I'm trying to read a very large set of nested json files in to a pandas dataframe, using the code below. It's a few million records, it's the "review" file from the yelp academic dataset.
Does anyone know a quicker way to do this?
Is it possible to just load a sample of the json records? I would probably be fine with just a couple hundred thousand records.
Also I probably don't need all the fields from the review.json file, could I just load a subset of them like user_id, business_id, stars? And would that speed things up?
I would post sample data but I can't even get it to finish loading.
Code:
df_review = pd.read_json('dataset/review.json', lines=True)
Update:
Code:
reviews = ''
with open('dataset/review.json','r') as f:
for line in f.readlines()[0:1000]:
reviews += line
testdf = pd.read_json(reviews,lines=True)
Error:
---------------------------------------------------------------------------
UnicodeDecodeError Traceback (most recent call last)
<ipython-input-18-8e4a45990905> in <module>()
5 reviews += line
6
----> 7 testdf = pd.read_json(reviews,lines=True)
/Users/anaconda/lib/python2.7/site-packages/pandas/io/json.pyc in read_json(path_or_buf, orient, typ, dtype, convert_axes, convert_dates, keep_default_dates, numpy, precise_float, date_unit, encoding, lines)
273 # commas and put it in a json list to make a valid json object.

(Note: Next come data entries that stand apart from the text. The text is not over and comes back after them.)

Lemma act_cancel q S w : state_at q S -> valid D q w -> act (act S w) (winv w) = S.
Proof.
  revert q S; induction w as [| a w IH]; intros q S HS Hv; [reflexivity |].
  destruct Hv as [Ea Hv].
  assert (HSa : state_at (ltgt D a) (act_letter S a))
    by (destruct a; [eapply state_at_V | eapply state_at_H]; eauto).
  unfold winv; cbn [map rev]; fold (winv w).
  rewrite act_app. change (act_letter (act (act (act_letter S a) w) (winv w)) (linv a) = S).
  rewrite (IH _ _ HSa Hv). exact (act_letter_cancel HS Ea).
Qed.

Lemma act_injective q S T w : state_at q S -> state_at q T -> valid D q w ->
  act S w = act T w -> S = T.
Proof.
  intros HS HT Hv E.
  rewrite <- (act_cancel HS Hv), <- (act_cancel HT Hv), E. reflexivity.
Qed.

Lemma act_base_VH p f y : sV f = p -> tV f = sH y ->
  act (base p) [inl f; inr y] = boxes_on f y.
Proof.
  intros Ef Efy. apply state_ext; intros X G; cbn; unfold base, boxes_on; split.
  - intros [X0 [G0 [Z [[G00 [HS [E ->]]] [BZ ->]]]]].
    pose proof (box_hid f) as Hf. rewrite Ef in Hf.
    pose proof (box_hcomp (box_vcomp HS Hf) BZ) as K.
    rewrite gcomp_id_l_at in K by (symmetry; exact Efy).
    rewrite gcomp_id_l_at in K by exact Ef. exact K.
  - intros HB. destruct (box_corners HB) as [C1 _].
    exists (eH p), (cV (eV p) f), X. split; [| split].
    + exists (eV p). split; [apply base_id | split; [rewrite gtgt_id; auto | reflexivity]].
    + rewrite gcomp_id_l_at by exact Ef. exact HB.
    + rewrite gcomp_id_l_at by congruence. reflexivity.
Qed.

Lemma box_square p x g y h : Box x g y h -> sH x = p ->
  act (base p) [inr x; inl g] = act (base p) [inl h; inr y].
Proof.
  intros BA Ex. destruct (box_corners BA) as [C1 [C2 [C3 C4]]].
  rewrite act_base_VH by congruence.
  apply state_ext; intros X G; cbn; unfold base, boxes_on; split.
  - intros [G1 [[X0 [G0 [Z [HS [BZ ->]]]]] [E ->]]].
    pose proof (box_hcomp HS BZ) as K. rewrite gcomp_id_l_at in K by exact Ex.
    pose proof (box_vcomp K BA) as K'. rewrite gcomp_id_l_at in K' by congruence.
    exact K'.
  - intros HB. destruct (box_corners HB) as [D1 [D2 [D3 D4]]].
    pose proof (box_vcomp HB (box_vinv BA)) as K.
    rewrite gcomp_inv_r, <- C1, Ex in K.
    exists (cV G (iV g)). split; [| split].
    + exists (eH p), (eV p), X. split; [apply base_id | split; [exact K |]].
      rewrite gcomp_id_l_at by congruence. reflexivity.
    + rewrite gtgt_comp, gtgt_inv; [reflexivity | rewrite gsrc_inv; congruence].
    + rewrite gcomp_inv_cancel_r by congruence. reflexivity.
Qed.

Lemma signed_box_word_acts p s : valid D p (signed_box_word D s) ->
  end_at p (signed_box_word D s) = p /\ act (base p) (signed_box_word D s) = base p.
Proof.
  destruct s as [A [|]]; unfold signed_box_word, box_word, box_word_inv; cbn [fst snd].
  all: set (x := bt D A); set (g := br D A); set (y := bb D A); set (h := bl D A).
  all: assert (BA : Box x g y h) by (exists A; auto).
  all: destruct (box_corners BA) as [C1 [C2 [C3 C4]]]; intros [E0 _]; cbn in E0.
  - split; [unfold end_at; cbn; rewrite gtgt_inv; congruence |].
    change [inr x; inl g; inr (iH y); inl (iV h)]
      with ([inr x; inl g] ++ winv [inl h; inr y]).
    rewrite act_app, (box_square BA E0).
    apply act_cancel with (q := p); [apply state_at_base | cbn; repeat split; congruence].
  - split; [unfold end_at; cbn; rewrite gtgt_inv; congruence |].
    change [inl h; inr y; inl (iV g); inr (iH x)]
      with ([inl h; inr y] ++ winv [inr x; inl g]).
    rewrite act_app, <- (box_square BA) by congruence.
    apply act_cancel with (q := p); [apply state_at_base | cbn; repeat split; congruence].
Qed.

Lemma inJ_acts_trivially p w : inJ D p w -> act (base p) w = base p.
Proof.
  intros [s [Hv Heq]]. rewrite <- (act_fp_equiv (state_at_base p) Heq).
  clear Heq. induction s as [| s0 s IH]; [reflexivity |].
  cbn [flat_map] in *. apply valid_app in Hv as [Hv1 Hv2].
  destruct (signed_box_word_acts Hv1) as [Eend Eact]. rewrite Eend in Hv2.
  rewrite act_app, Eact. exact (IH Hv2).
Qed.

Lemma fp_cancel p w1 a w2 : valid D p (w1 ++ linv a :: a :: w2) ->
  fp_equiv D p (w1 ++ linv a :: a :: w2) (w1 ++ w2).
Proof.
  intros Hv. pose proof Hv as Hv'. apply valid_app in Hv' as [V1 [E1 [_ V2]]].
  destruct a as [g | x]; cbn in E1, V2; rewrite gsrc_inv in E1.
  - assert (Hm : valid D p (w1 ++ inl (eV (tV g)) :: w2))
      by (apply valid_app; split; [exact V1 | cbn; rewrite gsrc_id, gtgt_id; auto]).
    apply rst_trans with (w1 ++ inl (eV (tV g)) :: w2); apply rst_step.
    + split; [exact Hv | split; [exact Hm |]].
      rewrite <- (gcomp_inv_l (dV D) g). apply fp_mergeV, gtgt_inv.
    + split; [exact Hm | split; [| apply fp_idV]].
      apply valid_app; split; [exact V1 | rewrite <- E1; exact V2].
  - assert (Hm : valid D p (w1 ++ inr (eH (tH x)) :: w2))
      by (apply valid_app; split; [exact V1 | cbn; rewrite gsrc_id, gtgt_id; auto]).
    apply rst_trans with (w1 ++ inr (eH (tH x)) :: w2); apply rst_step.
    + split; [exact Hv | split; [exact Hm |]].
      rewrite <- (gcomp_inv_l (dH D) x). apply fp_mergeH, gtgt_inv.
    + split; [exact Hm | split; [| apply fp_idH]].
      apply valid_app; split; [exact V1 | rewrite <- E1; exact V2].
Qed.

Lemma boxes_simB f1 f2 x1 x2 x g :
  Box x g x1 f1 -> Box x g x2 f2 -> simB D (f1, x1) (f2, x2).
Proof.
  intros B1 B2. destruct (box_corners B1) as [a1 [a2 [a3 a4]]].
  destruct (box_corners B2) as [b1 [b2 [b3 b4]]].
  destruct B1 as [A [E1 [E2 [E3 E4]]]]. destruct B2 as [A' [F1 [F2 [F3 F4]]]].
  cbn. split; [congruence | split; [congruence |]].
  exists [(A, false); (A', true)].
  cbn. unfold box_word_inv, box_word. rewrite E1, E2, E3, E4, F1, F2, F3, F4. cbn.
  assert (Hv : valid D (sV f1)
    [inl f1; inr x1; inl (iV g); inr (iH x); inr x; inl g; inr (iH x2); inl (iV f2)]).
  { cbn. rewrite ?gsrc_inv, ?gtgt_inv. repeat split; congruence. }
  split; [exact Hv |].
  apply rst_trans with ([inl f1; inr x1; inl (iV g)] ++ [inl g; inr (iH x2); inl (iV f2)]).
  - exact (fp_cancel (w1 := [inl f1; inr x1; inl (iV g)]) (a := inr x) Hv).
  - apply (fp_cancel (w1 := [inl f1; inr x1]) (a := inl g)).
    cbn. rewrite ?gsrc_inv, ?gtgt_inv. repeat split; congruence.
Qed.

Lemma simB_boxes f1 f2 x1 x2 : tV f1 = sH x1 -> tV f2 = sH x2 ->
  simB D (f1, x1) (f2, x2) -> exists x g, Box x g x1 f1 /\ Box x g x2 f2.
Proof.
  cbn. intros Hfx1 Hfx2 [Er [Et HJ]].
  apply inJ_acts_trivially in HJ.
  assert (HS1 : state_at (tH x2) (act (base (sV f1)) [inl f1; inr x1])).
  { rewrite <- Er. change (tH x1) with (end_at (sV f1) [inl f1; inr x1]).
    apply state_at_act; [apply state_at_base | cbn; auto]. }
  assert (HS2 : state_at (tH x2) (act (base (sV f1)) [inl f2; inr x2])).
  { change (tH x2) with (end_at (sV f1) [inl f2; inr x2]).
    apply state_at_act; [apply state_at_base | cbn; auto]. }
  assert (Hw : valid D (tH x2) (winv [inl f2; inr x2])).
  { cbn. rewrite gsrc_inv, gtgt_inv, gsrc_inv. auto. }
  assert (Same : act (base (sV f1)) [inl f1; inr x1] = act (base (sV f1)) [inl f2; inr x2]).
  { apply (act_injective HS1 HS2 Hw).
    rewrite act_cancel with (q := sV f1); [| apply state_at_base | cbn; auto].
    rewrite <- act_app. exact HJ. }
  rewrite !act_base_VH in Same by auto.
  destruct (box_fill_bottom_left (y := x1) (f := f1)) as [x [g Bx]]; [auto |].
  exists x, g. split; [exact Bx |].
  change (boxes_on f2 x2 x g). rewrite <- Same. exact Bx.
Qed.

End DoubleGroupoid.

Theorem lemma3p4 (P V H B : Type) (D : double_groupoid P V H B)
  (Hslim : slim D) (Hfill : filling D)
  (f1 f2 : V) (x1 x2 : H)
  (Hfx1 : gtgt (dV D) f1 = gsrc (dH D) x1)
  (Hfx2 : gtgt (dV D) f2 = gsrc (dH D) x2) :
  simB D (f1, x1) (f2, x2) <->
  exists (x : H) (g : V) (A B0 : B),
    bt D A = x /\ br D A = g /\ bl D A = f1 /\ bb D A = x1 /\
    bt D B0 = x /\ br D B0 = g /\ bl D B0 = f2 /\ bb D B0 = x2.
Proof.
  split.
  - intros Hsim.
    destruct (simB_boxes Hfill Hfx1 Hfx2 Hsim)
      as [x [g [[A [E1 [E2 [E3 E4]]]] [A' [F1 [F2 [F3 F4]]]]]]].
    exists x, g, A, A'. auto 10.
  - intros [x [g [A [A' [E1 [E2 [E3 [E4 [F1 [F2 [F3 F4]]]]]]]]]]].
    apply (boxes_simB (x := x) (g := g)); [exists A | exists A']; auto.
Qed.
Lemma tnorm_nonneg A t : tnorm I en dec A t -> 0 <= t.
Proof.
  intros Ht. destruct (tnorm_column_le A t Ht) as [d [Hd [Hs _]]].
  apply Rle_trans with (d (en 0%nat)); [apply Hd|].
  apply (term_le_is_series (fun n => d (en n))); auto.
Qed.

Lemma tnorm_entry_le A t a b : tnorm I en dec A t -> Cmod (A (ebasis I dec b) a) <= t.
Proof.
  intros Ht. pose proof (tnorm_nonneg A t Ht) as Ht0.
  destruct (tnorm_column_le A t Ht) as [d [Hd [Hs Hcol]]].
  assert (Hentry : Cmod (A (ebasis I dec b) (en (idx a))) ^ 2 <= d b * t).
  { eapply Rle_trans; [|apply Hcol].
    apply (term_le_is_series (fun m => Cmod (A (ebasis I dec b) (en m)) ^ 2));
      [intro; apply pow2_ge_0|apply Series_correct, bop_l2; eauto using tnorm_bop, l2_ebasis]. }
  assert (Hdb : d b <= t).
  { rewrite <- (en_idx b). apply (term_le_is_series (fun n => d (en n))); auto. }
  rewrite en_idx in Hentry. pose proof (Hd b). pose proof (Cmod_ge_0 (A (ebasis I dec b) a)).
  nra.
Qed.

Lemma tnorm_hs_le A t N : tnorm I en dec A t ->
  sum_n (fun k => sum_n (fun j => Cmod (A (ebasis I dec (en k)) (en j)) ^ 2) N) N <= t * t.
Proof.
  intros Ht. pose proof (tnorm_nonneg A t Ht) as Ht0.
  destruct (tnorm_column_le A t Ht) as [d [Hd [Hs Hcol]]].
  apply Rle_trans with (sum_n (fun k => d (en k) * t) N).
  - apply sum_n_le; intro k. eapply Rle_trans; [|apply Hcol].
    apply sum_n_le_is_series; [intro; apply pow2_ge_0|].
    apply Series_correct, bop_l2; eauto using tnorm_bop, l2_ebasis.
  - apply sum_n_le_is_series; [intro k; pose proof (Hd (en k)); nra|].
    apply is_series_scal_r, Hs.
Qed.

Section RankOne.
Variable psi : vec I.
Hypothesis psi_unit : is_series (fun n => Cmod (psi (en n)) ^ 2) 1.

Definition rank_one_proj : op I := fun x => vscal I (ip I en psi x) psi.

Lemma l2_unit : l2 I en psi.
Proof. exists 1; exact psi_unit. Qed.

Lemma l2norm_vscal_unit c : l2norm I en (vscal I c psi) = Cmod c.
Proof.
  unfold l2norm, vscal.
  rewrite (Series_ext _ (fun n => Cmod c ^ 2 * Cmod (psi (en n)) ^ 2))
    by (intro; rewrite Cmod_mult; ring).
  rewrite Series_scal_l, (is_series_unique _ _ psi_unit), Rmult_1_r.
  apply sqrt_pow2, Cmod_ge_0.
Qed.

Lemma rank_one_bop : bop I en rank_one_proj.
Proof.
  split; [|split].
  - intros x y a Hx Hy i. unfold rank_one_proj.
    rewrite ip_plusr, ip_scalr by auto using l2_unit, l2_vscal. unfold vscal; ring.
  - intros x _. apply l2_vscal, l2_unit.
  - exists 1. intros x Hx. unfold rank_one_proj. rewrite l2norm_vscal_unit, Rmult_1_l.
    unfold l2norm. rewrite <- (sqrt_pow2 (Cmod _)) by apply Cmod_ge_0.
    apply sqrt_le_1_alt. rewrite <- (Rmult_1_l (Series _)), <- (is_series_unique _ _ psi_unit).
    apply ip_Cauchy_Schwarz; auto using l2_unit.
Qed.

Lemma rank_one_adjoint : adjoint I en rank_one_proj rank_one_proj.
Proof.
  split; [exact rank_one_bop|]. intros x y Hx Hy. unfold rank_one_proj.
  rewrite ip_scall, ip_scalr, (ip_conj psi x) by auto using l2_unit. ring.
Qed.

Lemma rank_one_positive : positive I en rank_one_proj.
Proof.
  intros x Hx. unfold rank_one_proj.
  rewrite ip_scalr, (ip_conj psi x), <- Cmod2_conj by auto using l2_unit.
  split; [reflexivity|apply pow2_ge_0].
Qed.

Lemma rank_one_trace :
  is_series (fun n => Re (ip I en (ebasis I dec (en n)) (rank_one_proj (ebasis I dec (en n))))) 1.
Proof.
  apply (is_series_ext (fun n => Cmod (psi (en n)) ^ 2)); [|exact psi_unit].
  intro n. rewrite ip_ebasis_l. unfold rank_one_proj, vscal.
  rewrite ip_ebasis_r, Cmult_comm, <- Cmod2_conj. reflexivity.
Qed.

Lemma rank_one_tnorm : tnorm I en dec rank_one_proj 1.
Proof.
  split; [exact rank_one_bop|]. exists rank_one_proj, rank_one_proj.
  split; [exact rank_one_adjoint|]. split; [exact rank_one_bop|].
  split; [exact rank_one_positive|]. split; [reflexivity|exact rank_one_trace].
Qed.

Lemma rank_one_density : density I en dec rank_one_proj.
Proof.
  split; [exists 1; exact rank_one_tnorm|]. split; [exact rank_one_positive|].
  split; [exact rank_one_trace|].
  apply (is_series_ext (fun _ => 0)); [|exact is_series_zero].
  intro n. symmetry. apply rank_one_positive, l2_ebasis.
Qed.

End RankOne.
End L2.

Lemma l2_ebasis1 m : l2 nat (fun k => k) (ebasis nat nat_dec m).
Proof. apply (l2_ebasis nat (fun k => k) nat_dec (fun k => k)); reflexivity. Qed.

Lemma tnorm1_nonneg X a : tnorm1 X a -> 0 <= a.
Proof. apply (tnorm_nonneg nat (fun k => k) nat_dec (fun k => k)); reflexivity. Qed.

Lemma tnorm1_hs_le X a N : tnorm1 X a ->
  sum_n (fun m => sum_n (fun n => Cmod (X (ebasis nat nat_dec m) n) ^ 2) N) N <= a * a.
Proof. apply (tnorm_hs_le nat (fun k => k) nat_dec (fun k => k)); reflexivity. Qed.

Lemma tnorm2_entry_le M t p q : tnorm2 M t -> Cmod (M (ebasis _ pair_dec p) q) <= t.
Proof. apply (tnorm_entry_le _ of_nat pair_dec to_nat); [apply cancel_of_to|apply cancel_to_of]. Qed.

(* <Omega_N, M Omega_N> for Omega_N = sum_(m <= N) e_m (x) e_m. *)
Definition entangled_form (M : op (nat * nat)) (N : nat) : C :=
  sum_n (fun m => sum_n (fun n => M (ebasis _ pair_dec (m, m)) (n, n)) N) N.

Lemma entangled_form_lin (M1 M2 : op (nat * nat)) c N :
  entangled_form (fun x p => M1 x p + c * M2 x p)%C N =
  (entangled_form M1 N + c * entangled_form M2 N)%C.
Proof.
  unfold entangled_form. rewrite <- sum_n_Clin. apply sum_n_ext; intro m.
  apply sum_n_Clin.
Qed.

Lemma entangled_form_zero N : entangled_form (fun _ _ => 0%C) N = 0%C.
Proof.
  unfold entangled_form.
  rewrite (sum_n_ext _ (fun _ => zero)); [exact (sum_n_m_const_zero (G := C_AbelianMonoid) 0 N)|].
  intro m. exact (sum_n_m_const_zero (G := C_AbelianMonoid) 0 N).
Qed.

Lemma entangled_form_le_tnorm M t N : tnorm2 M t -> Cmod (entangled_form M N) <= INR (S N) ^ 2 * t.
Proof.
  intros Ht. unfold entangled_form. eapply Rle_trans; [apply sum_n_Cmod_le|].
  eapply Rle_trans; [apply sum_n_le; intro m; apply sum_n_Cmod_le|].
  eapply Rle_trans; [apply sum_n_le; intro m; apply sum_n_le; intro n;
                     apply (tnorm2_entry_le M t _ _ Ht)|].
  rewrite (sum_n_ext _ (fun _ => INR (S N) * t)) by (intro; apply sum_n_const).
  rewrite sum_n_const. right; ring.
Qed.

Lemma tens_ebasis_diag X Y m n : bop nat (fun k => k) X -> bop nat (fun k => k) Y ->
  tens X Y (ebasis _ pair_dec (m, m)) (n, n) =
  (X (ebasis nat nat_dec m) n * Y (ebasis nat nat_dec m) n)%C.
Proof.
  intros HX HY.
  assert (Hrow : (fun i => Y (fun j => ebasis _ pair_dec (m, m) (i, j)) n) =
                 vscal nat (Y (ebasis nat nat_dec m) n) (ebasis nat nat_dec m)).
  { apply functional_extensionality; intro i. unfold vscal.
    destruct (Nat.eq_dec i m) as [->|Him].
    - rewrite (ebasis_same nat nat_dec).
      replace (fun j => ebasis _ pair_dec (m, m) (m, j)) with (ebasis nat nat_dec m); [ring|].
      apply functional_extensionality; intro j. unfold ebasis.
      destruct (pair_dec (m, m) (m, j)), (nat_dec m j); congruence.
    - replace (fun j => ebasis _ pair_dec (m, m) (i, j)) with (fun _ : nat => RtoC 0).
      + rewrite (bop_zero nat (fun k => k) Y HY). unfold ebasis.
        destruct (nat_dec m i); [congruence|ring].
      + apply functional_extensionality; intro j. unfold ebasis.
        destruct (pair_dec (m, m) (i, j)); congruence. }
  simpl. rewrite Hrow, (bop_vscal nat (fun k => k) X) by auto using l2_ebasis1.
  unfold vscal. ring.
Qed.

Lemma entangled_form_tens_le X Y a b N : tnorm1 X a -> tnorm1 Y b -> 0 < a * b ->
  Cmod (entangled_form (tens X Y) N) <= a * b.
Proof.
  intros HX HY Hab.
  pose proof (tnorm1_nonneg X a HX). pose proof (tnorm1_nonneg Y b HY).
  assert (Ha : 0 < a) by nra. assert (Hb : 0 < b) by nra.
  set (x m n := Cmod (X (ebasis nat nat_dec m) n)).
  set (y m n := Cmod (Y (ebasis nat nat_dec m) n)).
  unfold entangled_form. eapply Rle_trans; [apply sum_n_Cmod_le|].
  eapply Rle_trans; [apply sum_n_le; intro m; apply sum_n_Cmod_le|].
  (* AM-GM, weighted so that both halves are at most [a b / 2] *)
  apply Rle_trans with
    (sum_n (fun m => sum_n (fun n => b / (2 * a) * x m n ^ 2 + a / (2 * b) * y m n ^ 2) N) N).
  { apply sum_n_le; intro m; apply sum_n_le; intro n.
    rewrite tens_ebasis_diag, Cmod_mult by (eapply tnorm_bop; eassumption).
    fold (x m n) (y m n). pose proof (pow2_ge_0 (b * x m n - a * y m n)).
    apply Rmult_le_reg_l with (2 * a * b); [nra|].
    replace (2 * a * b * (b / (2 * a) * x m n ^ 2 + a / (2 * b) * y m n ^ 2))
      with (b * b * x m n ^ 2 + a * a * y m n ^ 2) by (field; lra).
    nra. }
  rewrite (sum_n_ext _ (fun m => b / (2 * a) * sum_n (fun n => x m n ^ 2) N
                                 + a / (2 * b) * sum_n (fun n => y m n ^ 2) N))
    by (intro; apply sum_n_lin).
  rewrite sum_n_lin.
  pose proof (tnorm1_hs_le X a N HX). pose proof (tnorm1_hs_le Y b N HY).
  apply Rle_trans with (b / (2 * a) * (a * a) + a / (2 * b) * (b * b)); [|right; field; lra].
  apply Rplus_le_compat; apply Rmult_le_compat_l; auto; left; apply Rdiv_lt_0_compat; lra.
Qed.

(* [sum_n r K] also counts [r K], which [psum r X Y K] leaves out. *)
Lemma entangled_form_psum_le r X Y K N : (forall k, 0 <= r k) ->
  (forall k, exists a b, tnorm1 (X k) a /\ tnorm1 (Y k) b /\ a * b = 1) ->
  Cmod (entangled_form (psum r X Y K) N) + r K <= sum_n r K.
Proof.
  intros Hr HXY. induction K as [|K IH].
  - simpl psum. rewrite entangled_form_zero, Cmod_0, sum_O. lra.
  - simpl psum. rewrite entangled_form_lin, sum_n_SR.
    destruct (HXY K) as [a [b [Ha [Hb Hab]]]].
    pose proof (entangled_form_tens_le (X K) (Y K) a b N Ha Hb ltac:(lra)).
    eapply Rle_trans; [apply Rplus_le_compat_r, Cmod_triangle|].
    rewrite Cmod_mult, Cmod_R, Rabs_pos_eq by apply Hr.
    pose proof (Hr K). pose proof (Hr (S K)). nra.
Qed.

Lemma cross_entangled_form_bounded M : cross M -> exists B, forall N, Cmod (entangled_form M N) <= B.
Proof.
  intros [_ [r [X [Y [Hr [Hrs [HXY Hconv]]]]]]].
  exists (Series r + 1). intro N.
  assert (Hw : 0 < INR (S N) ^ 2) by (apply pow_lt, lt_0_INR; lia).
  destruct (Hconv (/ INR (S N) ^ 2)) as [K HK]; [apply Rinv_0_lt_compat, Hw|].
  destruct (HK K (le_n K)) as [t [Ht Htw]].
  replace M with (fun x p => osub _ M (psum r X Y K) x p + 1 * psum r X Y K x p)%C
    by (apply functional_extensionality; intro x; apply functional_extensionality; intro p;
        unfold osub; ring).
  rewrite entangled_form_lin. eapply Rle_trans; [apply Cmod_triangle|].
  rewrite Cmod_mult, Cmod_1, Rmult_1_l.
  pose proof (entangled_form_le_tnorm _ t N Ht).
  pose proof (entangled_form_psum_le r X Y K N Hr HXY).
  pose proof (sum_n_le_is_series r (Series r) K Hr (Series_correct r Hrs)).
  pose proof (Hr K).
  assert (INR (S N) ^ 2 * t <= 1).
  { apply Rle_trans with (INR (S N) ^ 2 * / INR (S N) ^ 2); [apply Rmult_le_compat_l; lra|].
    rewrite Rinv_r; lra. }
  lra.
Qed.

Lemma to_nat_diag_incr k : (to_nat (k, k) < to_nat (S k, S k))%nat.
Proof. pose proof (to_nat_spec k k). pose proof (to_nat_spec (S k) (S k)). nia. Qed.

Section DiagonalState.
Variable c : nat -> R.

Definition diag_vector : vec (nat * nat) :=
  fun p => if Nat.eq_dec (fst p) (snd p) then RtoC (c (fst p)) else RtoC 0.

Definition diag_state : op (nat * nat) := rank_one_proj (nat * nat) of_nat diag_vector.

274 lines = list(StringIO(json.strip()))
--> 275 json = u'[' + u','.join(lines) + u']'
276
277 obj = None
UnicodeDecodeError: 'ascii' codec can't decode byte 0xc3 in position 357: ordinal not in range(128)
Update 2:
import sys
reload(sys)
sys.setdefaultencoding('utf-8')
reviews = ''
with open('dataset/review.json','r') as f:
for line in f.readlines()[0:1000]:
reviews += line
testdf = pd.read_json(reviews,lines=True)